*YOUR GOAL:* For every line in the records below that holds "rewrite", make a copy.

**** GIVEN RECORDS ****

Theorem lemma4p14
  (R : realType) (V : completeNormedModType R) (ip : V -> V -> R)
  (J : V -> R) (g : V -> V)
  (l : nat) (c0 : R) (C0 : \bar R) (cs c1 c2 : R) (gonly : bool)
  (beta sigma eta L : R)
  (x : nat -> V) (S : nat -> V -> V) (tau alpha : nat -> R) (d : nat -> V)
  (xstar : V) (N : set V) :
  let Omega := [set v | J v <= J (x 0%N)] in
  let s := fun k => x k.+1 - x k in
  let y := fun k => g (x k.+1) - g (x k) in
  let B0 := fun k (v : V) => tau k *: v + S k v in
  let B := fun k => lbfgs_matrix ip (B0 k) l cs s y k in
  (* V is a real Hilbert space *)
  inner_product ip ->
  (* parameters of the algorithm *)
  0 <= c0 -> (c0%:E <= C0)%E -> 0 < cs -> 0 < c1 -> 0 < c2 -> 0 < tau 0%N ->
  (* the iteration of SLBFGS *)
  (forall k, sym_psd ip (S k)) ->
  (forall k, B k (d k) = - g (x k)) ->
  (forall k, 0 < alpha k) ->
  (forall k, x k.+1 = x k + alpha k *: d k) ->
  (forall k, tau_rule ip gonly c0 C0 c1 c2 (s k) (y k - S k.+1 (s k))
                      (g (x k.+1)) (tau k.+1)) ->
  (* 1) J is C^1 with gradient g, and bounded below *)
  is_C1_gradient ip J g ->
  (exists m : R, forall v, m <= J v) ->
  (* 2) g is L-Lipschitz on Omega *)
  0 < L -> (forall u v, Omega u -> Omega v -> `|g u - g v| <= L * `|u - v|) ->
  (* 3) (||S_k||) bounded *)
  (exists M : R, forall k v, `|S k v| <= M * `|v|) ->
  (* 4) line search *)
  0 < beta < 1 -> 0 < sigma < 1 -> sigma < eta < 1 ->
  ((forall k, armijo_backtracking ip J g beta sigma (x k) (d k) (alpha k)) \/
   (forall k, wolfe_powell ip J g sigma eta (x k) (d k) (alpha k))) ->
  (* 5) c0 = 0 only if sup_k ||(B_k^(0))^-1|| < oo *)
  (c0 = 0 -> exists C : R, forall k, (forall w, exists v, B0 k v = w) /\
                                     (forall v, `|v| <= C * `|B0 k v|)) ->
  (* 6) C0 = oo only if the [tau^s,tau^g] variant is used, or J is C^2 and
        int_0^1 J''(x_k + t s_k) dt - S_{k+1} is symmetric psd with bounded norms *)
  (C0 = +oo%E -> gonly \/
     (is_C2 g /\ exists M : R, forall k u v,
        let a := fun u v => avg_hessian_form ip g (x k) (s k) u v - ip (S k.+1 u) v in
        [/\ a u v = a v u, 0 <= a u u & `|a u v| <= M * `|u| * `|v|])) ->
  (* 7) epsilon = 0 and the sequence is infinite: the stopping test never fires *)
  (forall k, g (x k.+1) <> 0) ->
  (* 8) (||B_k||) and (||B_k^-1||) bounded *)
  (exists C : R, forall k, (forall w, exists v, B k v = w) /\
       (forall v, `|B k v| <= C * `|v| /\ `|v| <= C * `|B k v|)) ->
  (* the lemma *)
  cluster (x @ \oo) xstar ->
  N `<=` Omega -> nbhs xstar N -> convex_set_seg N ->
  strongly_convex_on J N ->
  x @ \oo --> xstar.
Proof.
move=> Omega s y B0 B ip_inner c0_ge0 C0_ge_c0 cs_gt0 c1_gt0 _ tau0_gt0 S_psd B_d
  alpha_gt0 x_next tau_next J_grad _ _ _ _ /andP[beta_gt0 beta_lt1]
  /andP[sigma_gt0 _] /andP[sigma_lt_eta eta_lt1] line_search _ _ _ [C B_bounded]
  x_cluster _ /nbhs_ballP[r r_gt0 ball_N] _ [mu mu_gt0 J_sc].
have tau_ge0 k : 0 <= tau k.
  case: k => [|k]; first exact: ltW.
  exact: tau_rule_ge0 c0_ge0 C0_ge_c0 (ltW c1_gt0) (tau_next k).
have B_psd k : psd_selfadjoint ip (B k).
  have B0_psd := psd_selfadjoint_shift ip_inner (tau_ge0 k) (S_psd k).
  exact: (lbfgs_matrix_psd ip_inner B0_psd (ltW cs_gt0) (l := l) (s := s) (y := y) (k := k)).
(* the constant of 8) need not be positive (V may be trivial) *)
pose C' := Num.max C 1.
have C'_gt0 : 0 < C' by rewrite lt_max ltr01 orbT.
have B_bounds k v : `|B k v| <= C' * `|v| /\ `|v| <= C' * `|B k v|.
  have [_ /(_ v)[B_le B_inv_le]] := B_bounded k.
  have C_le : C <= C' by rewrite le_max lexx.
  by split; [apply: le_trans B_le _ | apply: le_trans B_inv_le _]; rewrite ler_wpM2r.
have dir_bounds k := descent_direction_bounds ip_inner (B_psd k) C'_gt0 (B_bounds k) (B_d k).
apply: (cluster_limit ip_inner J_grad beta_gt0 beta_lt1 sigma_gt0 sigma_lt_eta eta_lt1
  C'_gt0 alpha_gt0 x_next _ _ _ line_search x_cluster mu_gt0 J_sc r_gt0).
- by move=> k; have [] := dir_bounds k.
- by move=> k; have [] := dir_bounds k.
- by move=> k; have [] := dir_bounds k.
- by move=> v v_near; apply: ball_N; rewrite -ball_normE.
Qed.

****

*WRITTEN RESPONSE:*
have C'_gt0 : 0 < C' by rewrite lt_max ltr01 orbT.
  have C_le : C <= C' by rewrite le_max lexx.
  by split; [apply: le_trans B_le _ | apply: le_trans B_inv_le _]; rewrite ler_wpM2r.
- by move=> v v_near; apply: ball_N; rewrite -ball_normE.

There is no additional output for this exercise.